Among the entries below, one stretch runs from the line that contains "Lemma coords_inj : injective coords." through the line that contains "by exists (c2 v)^-1; rewrite // invr_eq0 H.". Repeat that stretch exactly, ends included, and only that.

Saved data entries:

___

(* Let $\mathbb{K}$ be an algebraically closed field of characteristic $p$, with $p=0$ or $p\ge5$. Let $(\Gamma_1,\Gamma_2,\Gamma_3)$ and $(\Delta_1,\Delta_2,\Delta_3)$ be two dual $3$-nets of conic-line type of order $n$ in $PG(2,\mathbb{K})$ (with $n<p$ if $p>0$), where $\Gamma_1\cup\Gamma_2$ and $\Delta_1\cup\Delta_2$ lie on irreducible conics, $\Gamma_3$ lies on a line $\ell$ and $\Delta_3$ lies on a line $s$. If $n\ge5$ and $\Gamma_1=\Delta_1$, then $\ell=s$.
   Context: A dual $3$-net of order $n$ in $PG(2,\mathbb{K})$ is a triple of pairwise disjoint point sets, each of size $n$, such that every line meeting two distinct components meets each component in exactly one point. A dual $3$-net of order $n\ge4$ is of conic-line type if two of its components lie on an irreducible conic and the third lies on a line. *)

From HB Require Import structures.
From mathcomp Require Import all_boot all_order all_algebra.
Set Implicit Arguments. Unset Strict Implicit. Unset Printing Implicit Defensive.
Import GRing.Theory.
Local Open Scope ring_scope.

(* A nonzero vector of K^3 is normalized when its first nonzero coordinate
   equals 1.  Each point (and each line) of PG(2,K) has exactly one
   normalized homogeneous coordinate vector, so projective equality is
   Leibniz equality on [pt K]. *)
Definition normalized (K : fieldType) (v : 'rV[K]_3) : bool :=
  [exists i : 'I_3, (v 0 i == 1) && [forall j : 'I_3, (j < i)%N ==> (v 0 j == 0)]].

(* Points of PG(2,K); lines are represented by the same type (dual coords). *)
Definition pt (K : fieldType) := {v : 'rV[K]_3 | normalized v}.

Definition inc (K : fieldType) (P L : pt K) : bool :=
  \sum_(i < 3) (val P) 0 i * (val L) 0 i == 0.

Definition qeval (K : fieldType) (Q : 'M[K]_3) (x : 'rV[K]_3) : K :=
  \sum_(i < 3) \sum_(j < 3) Q i j * x 0 i * x 0 j.

Definition lin (K : fieldType) (u x : 'rV[K]_3) : K := \sum_(i < 3) u 0 i * x 0 i.

(* The quadratic form is irreducible: nonzero and not a product of two
   linear forms (K infinite, so identity of functions = identity of polys). *)
Definition irreducible_conic (K : fieldType) (Q : 'M[K]_3) : Prop :=
  (exists x, qeval Q x != 0) /\
  ~ (exists u v : 'rV[K]_3, forall x, qeval Q x = lin u x * lin v x).

Definition on_conic (K : fieldType) (Q : 'M[K]_3) (P : pt K) : bool :=
  qeval Q (val P) == 0.

Definition meets (K : fieldType) (L : pt K) (A : seq (pt K)) : bool :=
  has (fun P => inc P L) A.

Definition dual3net (K : fieldType) (n : nat) (A1 A2 A3 : seq (pt K)) : Prop :=
  let comp := [:: A1; A2; A3] in
  [/\ forall i : 'I_3, uniq (nth [::] comp i) /\ size (nth [::] comp i) = n,
      forall i j : 'I_3, i != j ->
        forall P, P \in nth [::] comp i -> P \notin nth [::] comp j &
      forall (L : pt K) (i j : 'I_3), i != j ->
        meets L (nth [::] comp i) -> meets L (nth [::] comp j) ->
        forall k : 'I_3, count (fun P => inc P L) (nth [::] comp k) = 1%N].

(* Choose a frame in which the conic through [G1 ++ G2] is [y^2 = x z], parametrized by
   [m |-> (1 : m : m^2)], the two points of the conic on [l] having parameters [0] and [oo].
   For [x] in [G1] and [y] in [G2] the chord [xy] meets [l] in a point of [G3]; the net
   condition then makes the product of the parameters of [x] and [y] depend only on that
   point, so multiplication by [m x / m x'] permutes the parameters of [G2], and the
   parameters of [G1] are the [n]-th roots of a single constant.  Doing the same for the
   second net, the two parametrizations of [G1 = D1] differ by a reparametrization of a
   conic, i.e. a Moebius map, sending the [n]-th roots of one constant to [n]-th roots of
   another.  Comparing derivatives at [0] shows that for [n >= 5] (and [n], [n - 1] nonzero
   in [K]) this map is [t |-> k t] or [t |-> k / t]; it therefore preserves [{0, oo}], so
   [l] and [s] pass through the same two points of the conic. *)

From mathcomp Require Import all_boot all_order all_algebra.
From mathcomp Require Import ring.
Import GRing.Theory.
Local Open Scope ring_scope.
Set Implicit Arguments. Unset Strict Implicit. Unset Printing Implicit Defensive.

Section Coordinates.
Variable K : fieldType.

Record vec := V3 { c0 : K; c1 : K; c2 : K }.
Implicit Types u v w x U W V : vec.

Definition i0 : 'I_3 := @Ordinal 3 0 isT.
Definition i1 : 'I_3 := @Ordinal 3 1 isT.
Definition i2 : 'I_3 := @Ordinal 3 2 isT.

Lemma sum3 (f : 'I_3 -> K) : \sum_(i < 3) f i = f i0 + f i1 + f i2.
Proof.
rewrite !big_ord_recl big_ord0 addr0 addrA.
by congr (f _ + f _ + f _); apply: val_inj.
Qed.

Lemma ord3P (P : 'I_3 -> Prop) : P i0 -> P i1 -> P i2 -> forall i, P i.
Proof.
move=> H0 H1 H2 [[|[|[|m]]] Hm] //.
- by rewrite (_ : Ordinal Hm = i0) //; apply: val_inj.
- by rewrite (_ : Ordinal Hm = i1) //; apply: val_inj.
- by rewrite (_ : Ordinal Hm = i2) //; apply: val_inj.
Qed.

Definition vzero := V3 0 0 0.
Definition vscale (k : K) u := V3 (k * c0 u) (k * c1 u) (k * c2 u).
Definition vcomb (a b c : K) u v w :=
  V3 (a * c0 u + b * c0 v + c * c0 w) (a * c1 u + b * c1 v + c * c1 w)
     (a * c2 u + b * c2 v + c * c2 w).
Definition dot u v := c0 u * c0 v + c1 u * c1 v + c2 u * c2 v.
Definition cross u v :=
  V3 (c1 u * c2 v - c2 u * c1 v) (c2 u * c0 v - c0 u * c2 v) (c0 u * c1 v - c1 u * c0 v).
Definition det u v w := dot u (cross v w).

Lemma vecP u v : c0 u = c0 v -> c1 u = c1 v -> c2 u = c2 v -> u = v.
Proof. by case: u => ? ? ?; case: v => ? ? ? /= -> -> ->. Qed.

Lemma dotC u v : dot u v = dot v u.
Proof. by case: u v => ? ? ? [? ? ?]; rewrite /dot /=; ring. Qed.

Lemma dot_vscale u k v : dot u (vscale k v) = k * dot u v.
Proof. by case: u v => ? ? ? [? ? ?]; rewrite /dot /=; ring. Qed.

Lemma dot_vcomb L a b c U W V :
  dot L (vcomb a b c U W V) = a * dot L U + b * dot L W + c * dot L V.
Proof. by case: L U W V => ? ? ? [? ? ?] [? ? ?] [? ? ?]; rewrite /dot /=; ring. Qed.

Lemma vscale_vscale a b u : vscale a (vscale b u) = vscale (a * b) u.
Proof. by case: u => ? ? ?; apply: vecP => /=; ring. Qed.

Lemma vscale_vcomb k a b c U W V :
  vscale k (vcomb a b c U W V) = vcomb (k * a) (k * b) (k * c) U W V.
Proof. by case: U W V => ? ? ? [? ? ?] [? ? ?]; apply: vecP => /=; ring. Qed.

Lemma vscaleK k u : k != 0 -> u = vscale k^-1 (vscale k u).
Proof. by case: u => ? ? ? Hk; apply: vecP => /=; field. Qed.

Lemma vscale_div a b u : b != 0 -> vscale a u = vscale (a / b) (vscale b u).
Proof. by case: u => ? ? ? Hb; apply: vecP => /=; field. Qed.

Lemma det_vscale k U W V : det (vscale k U) W V = k * det U W V.
Proof. by case: U W V => ? ? ? [? ? ?] [? ? ?]; rewrite /det /dot /=; ring. Qed.

Lemma detC23 u v w : det u v w = - det u w v.
Proof. by case: u v w => ? ? ? [? ? ?] [? ? ?]; rewrite /det /dot /=; ring. Qed.

Lemma det_cycle u v w : det u v w = det v w u.
Proof. by case: u v w => ? ? ? [? ? ?] [? ? ?]; rewrite /det /dot /=; ring. Qed.

Lemma det_dup12 u v : det u u v = 0.
Proof. by case: u v => ? ? ? [? ? ?]; rewrite /det /dot /=; ring. Qed.

Lemma det_dup13 u v : det u v u = 0.
Proof. by case: u v => ? ? ? [? ? ?]; rewrite /det /dot /=; ring. Qed.

Lemma det_cross13 u v w : det u v w = - dot v (cross u w).
Proof. by case: u v w => ? ? ? [? ? ?] [? ? ?]; rewrite /det /dot /=; ring. Qed.

Lemma dot_cross_l u v : dot u (cross u v) = 0.
Proof. by case: u v => ? ? ? [? ? ?]; rewrite /dot /=; ring. Qed.

Lemma dot_cross_r u v : dot v (cross u v) = 0.
Proof. by case: u v => ? ? ? [? ? ?]; rewrite /dot /=; ring. Qed.

Lemma cross_vcombl (x : K) u v : cross (vcomb 1 x 0 u v v) v = cross u v.
Proof. by case: u v => ? ? ? [? ? ?]; apply: vecP => /=; ring. Qed.

Lemma cross0v v : cross vzero v = vzero.
Proof. by case: v => ? ? ?; apply: vecP => /=; ring. Qed.

Lemma cross_crossl a b v : cross (cross a b) v = vcomb (- dot v b) (dot v a) 0 a b b.
Proof. by case: a b v => ? ? ? [? ? ?] [? ? ?]; apply: vecP; rewrite /= /dot /=; ring. Qed.

Lemma cross_eq0_scale u v : u <> vzero -> cross u v = vzero -> exists k, v = vscale k u.
Proof.
have solve (x y z w : K) : x != 0 -> x * y - z * w = 0 -> y = w / x * z.
  by move=> Hx /eqP; rewrite subr_eq0 => /eqP E; apply: (mulfI Hx); rewrite E; field.
have solveN (x y z w : K) : x != 0 -> z * w - x * y = 0 -> y = w / x * z.
  by move=> Hx E; apply: solve => //; rewrite -opprB E oppr0.
case: u v => a b c [a' b' c'] /= Hu [E0 E1 E2].
have [Ha|Ha] := eqVneq a 0; last first.
  by exists (a' / a); apply: vecP => /=; [field|exact: solve E2|exact: solveN E1].
have [Hb|Hb] := eqVneq b 0; last first.
  by exists (b' / b); apply: vecP => /=; [exact: solveN E2|field|exact: solve E0].
have [Hc|Hc] := eqVneq c 0; first by case: Hu; rewrite Ha Hb Hc.
by exists (c' / c); apply: vecP => /=; [exact: solve E1|exact: solveN E0|field].
Qed.

Definition vec_of_row (x : 'rV[K]_3) := V3 (x 0 i0) (x 0 i1) (x 0 i2).
Definition row_of_vec v : 'rV[K]_3 := \row_(j < 3) nth 0 [:: c0 v; c1 v; c2 v] j.

Lemma row_of_vecK v : vec_of_row (row_of_vec v) = v.
Proof. by case: v => a b c; rewrite /vec_of_row /row_of_vec !mxE. Qed.

Definition coords (P : pt K) := vec_of_row (val P).

Lemma incE (P L : pt K) : inc P L = (dot (coords P) (coords L) == 0).
Proof. by rewrite /inc sum3. Qed.

Definition normal_form v :=
  [\/ c0 v = 1, c0 v = 0 /\ c1 v = 1 | [/\ c0 v = 0, c1 v = 0 & c2 v = 1]].

Lemma coords_normal (P : pt K) : normal_form (coords P).
Proof.
case: P => x Hx; rewrite /normal_form /coords /vec_of_row /=.
case/existsP: Hx => i /andP [/eqP Hi /forallP Hj].
move: i Hi Hj; apply: ord3P => Hi Hj.
- by apply: Or31.
- by apply: Or32; split=> //; apply/eqP; exact: (implyP (Hj i0)).
- by apply: Or33; split=> //; apply/eqP; [exact: (implyP (Hj i0)) | exact: (implyP (Hj i1))].
Qed.

Lemma normal_form_normalized v : normal_form v -> normalized (row_of_vec v).
Proof.
case=> [H|[H H']|[H H' H'']]; apply/existsP.
- exists i0; rewrite !mxE /= H eqxx /=; apply/forallP.
  by apply: (@ord3P (fun j => is_true ((j < i0)%N ==> (row_of_vec v 0 j == 0)))).
- exists i1; rewrite !mxE /= H' eqxx /=; apply/forallP.
  by apply: (@ord3P (fun j => is_true ((j < i1)%N ==> (row_of_vec v 0 j == 0))));
    rewrite //= !mxE /= H.
- exists i2; rewrite !mxE /= H'' eqxx /=; apply/forallP.
  by apply: (@ord3P (fun j => is_true ((j < i2)%N ==> (row_of_vec v 0 j == 0))));
    rewrite //= !mxE /= ?H ?H'.
Qed.

Lemma coords_inj : injective coords.
Proof.
move=> P Q E; apply: val_inj; apply/rowP => j.
move: E; rewrite /coords /vec_of_row; case=> E0 E1 E2.
by move: j; apply: (@ord3P (fun j => val P 0 j = val Q 0 j)).
Qed.

Lemma coords_scale_inj (P Q : pt K) k : coords P = vscale k (coords Q) -> P = Q.
Proof.
move=> E; apply: coords_inj; move: E.
case: (coords P) (coords_normal P) => a b c; case: (coords Q) (coords_normal Q) => a' b' c'.
rewrite /normal_form /vscale /=.
have o1 := @oner_neq0 K.
case=> [->|[-> ->]|[-> -> ->]]; case=> [->|[-> ->]|[-> -> ->]]; case;
 rewrite ?mulr0 ?mulr1 => Ea Eb Ec.
all: try (by rewrite Ea eqxx in o1).
all: try (by rewrite Eb eqxx in o1).
all: try (by rewrite Ec eqxx in o1).
all: try (by rewrite -Ea in Eb Ec; rewrite Eb Ec !mul1r).
all: try (by rewrite -Eb in Ec; rewrite Ec !mul1r).
all: try (by rewrite -Ea mul0r in Eb; rewrite Eb eqxx in o1).
all: try (by rewrite -Ea mul0r in Ec; rewrite Ec eqxx in o1).
all: try (by rewrite -Eb mul0r in Ec; rewrite Ec eqxx in o1).
all: by [].
Qed.

Lemma coords_neq0 (P : pt K) : coords P <> vzero.
Proof.
move=> E; have := coords_normal P; rewrite E /normal_form /=.
have o1 := @oner_neq0 K.
by case=> [|[_]|[_ _]] H; rewrite H eqxx in o1.
Qed.

(* The zero vector is sent to an arbitrary normal form. *)
Definition normalize v :=
  if c0 v != 0 then vscale (c0 v)^-1 v else if c1 v != 0 then vscale (c1 v)^-1 v
  else if c2 v != 0 then vscale (c2 v)^-1 v else V3 1 0 0.

Lemma normalize_normal v : normal_form (normalize v).
Proof.
rewrite /normalize /normal_form /vscale; case: ifP => [/negbTE H|/negbFE/eqP H0].
  by apply: Or31 => /=; rewrite mulVf // H.
case: ifP => [/negbTE H|/negbFE/eqP H1].
  by apply: Or32 => /=; rewrite mulVf ?H // H0 mulr0.
case: ifP => [/negbTE H|/negbFE/eqP H2].
  by apply: Or33 => /=; rewrite mulVf ?H // H0 H1 mulr0.
by apply: Or31.
Qed.

Lemma normalize_scale v : v <> vzero -> exists2 k, k != 0 & normalize v = vscale k v.
Proof.
move=> Hv; rewrite /normalize; case: ifP => [H|/negbFE/eqP H0].
  by exists (c0 v)^-1; rewrite // invr_eq0 H.
case: ifP => [H|/negbFE/eqP H1].
  by exists (c1 v)^-1; rewrite // invr_eq0 H.
case: ifP => [H|/negbFE/eqP H2].
  by exists (c2 v)^-1; rewrite // invr_eq0 H.
by case: Hv; case: v H0 H1 H2 => /= a b c -> -> ->.
Qed.

Definition pt_of_vec v : pt K :=
  exist _ (row_of_vec (normalize v)) (normal_form_normalized (normalize_normal v)).

Lemma coords_pt_of_vec v : coords (pt_of_vec v) = normalize v.
Proof. by rewrite /coords /= row_of_vecK. Qed.

Lemma cross_coords_neq0 (P Q : pt K) : P != Q -> cross (coords P) (coords Q) <> vzero.
Proof.
move=> /eqP PQ E; have [k Ek] := cross_eq0_scale (@coords_neq0 P) E.
by apply: PQ; symmetry; apply: coords_scale_inj Ek.
Qed.

Lemma orthogonal2_scale_cross a b v : cross a b <> vzero -> dot v a = 0 -> dot v b = 0 ->
  exists k, v = vscale k (cross a b).
Proof.
move=> Hab Ha Hb; apply: cross_eq0_scale => //.
rewrite cross_crossl Ha Hb.
by case: a b {Hab Ha Hb} => ? ? ? [? ? ?]; apply: vecP => /=; ring.
Qed.

Lemma coords_orthogonal2_eq (l s : pt K) u v : cross u v <> vzero ->
  dot (coords l) u = 0 -> dot (coords l) v = 0 ->
  dot (coords s) u = 0 -> dot (coords s) v = 0 -> l = s.
Proof.
move=> uv lu lv su sv.
have [k Ek] := orthogonal2_scale_cross uv lu lv; have [k' Ek'] := orthogonal2_scale_cross uv su sv.
have k'0 : k' != 0.
  by apply/eqP => k'0; apply: (@coords_neq0 s); rewrite Ek' k'0; apply: vecP => /=; ring.
by apply: (@coords_scale_inj l s (k / k')); rewrite Ek Ek'; exact: vscale_div.
Qed.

___

— WRITTEN RESPONSE —
Lemma coords_inj : injective coords.
Proof.
move=> P Q E; apply: val_inj; apply/rowP => j.
move: E; rewrite /coords /vec_of_row; case=> E0 E1 E2.
by move: j; apply: (@ord3P (fun j => val P 0 j = val Q 0 j)).
Qed.

Lemma coords_scale_inj (P Q : pt K) k : coords P = vscale k (coords Q) -> P = Q.
Proof.
move=> E; apply: coords_inj; move: E.
case: (coords P) (coords_normal P) => a b c; case: (coords Q) (coords_normal Q) => a' b' c'.
rewrite /normal_form /vscale /=.
have o1 := @oner_neq0 K.
case=> [->|[-> ->]|[-> -> ->]]; case=> [->|[-> ->]|[-> -> ->]]; case;
 rewrite ?mulr0 ?mulr1 => Ea Eb Ec.
all: try (by rewrite Ea eqxx in o1).
all: try (by rewrite Eb eqxx in o1).
all: try (by rewrite Ec eqxx in o1).
all: try (by rewrite -Ea in Eb Ec; rewrite Eb Ec !mul1r).
all: try (by rewrite -Eb in Ec; rewrite Ec !mul1r).
all: try (by rewrite -Ea mul0r in Eb; rewrite Eb eqxx in o1).
all: try (by rewrite -Ea mul0r in Ec; rewrite Ec eqxx in o1).
all: try (by rewrite -Eb mul0r in Ec; rewrite Ec eqxx in o1).
all: by [].
Qed.

Lemma coords_neq0 (P : pt K) : coords P <> vzero.
Proof.
move=> E; have := coords_normal P; rewrite E /normal_form /=.
have o1 := @oner_neq0 K.
by case=> [|[_]|[_ _]] H; rewrite H eqxx in o1.
Qed.

(* The zero vector is sent to an arbitrary normal form. *)
Definition normalize v :=
  if c0 v != 0 then vscale (c0 v)^-1 v else if c1 v != 0 then vscale (c1 v)^-1 v
  else if c2 v != 0 then vscale (c2 v)^-1 v else V3 1 0 0.

Lemma normalize_normal v : normal_form (normalize v).
Proof.
rewrite /normalize /normal_form /vscale; case: ifP => [/negbTE H|/negbFE/eqP H0].
  by apply: Or31 => /=; rewrite mulVf // H.
case: ifP => [/negbTE H|/negbFE/eqP H1].
  by apply: Or32 => /=; rewrite mulVf ?H // H0 mulr0.
case: ifP => [/negbTE H|/negbFE/eqP H2].
  by apply: Or33 => /=; rewrite mulVf ?H // H0 H1 mulr0.
by apply: Or31.
Qed.

Lemma normalize_scale v : v <> vzero -> exists2 k, k != 0 & normalize v = vscale k v.
Proof.
move=> Hv; rewrite /normalize; case: ifP => [H|/negbFE/eqP H0].
  by exists (c0 v)^-1; rewrite // invr_eq0 H.
case: ifP => [H|/negbFE/eqP H1].
  by exists (c1 v)^-1; rewrite // invr_eq0 H.
case: ifP => [H|/negbFE/eqP H2].
  by exists (c2 v)^-1; rewrite // invr_eq0 H.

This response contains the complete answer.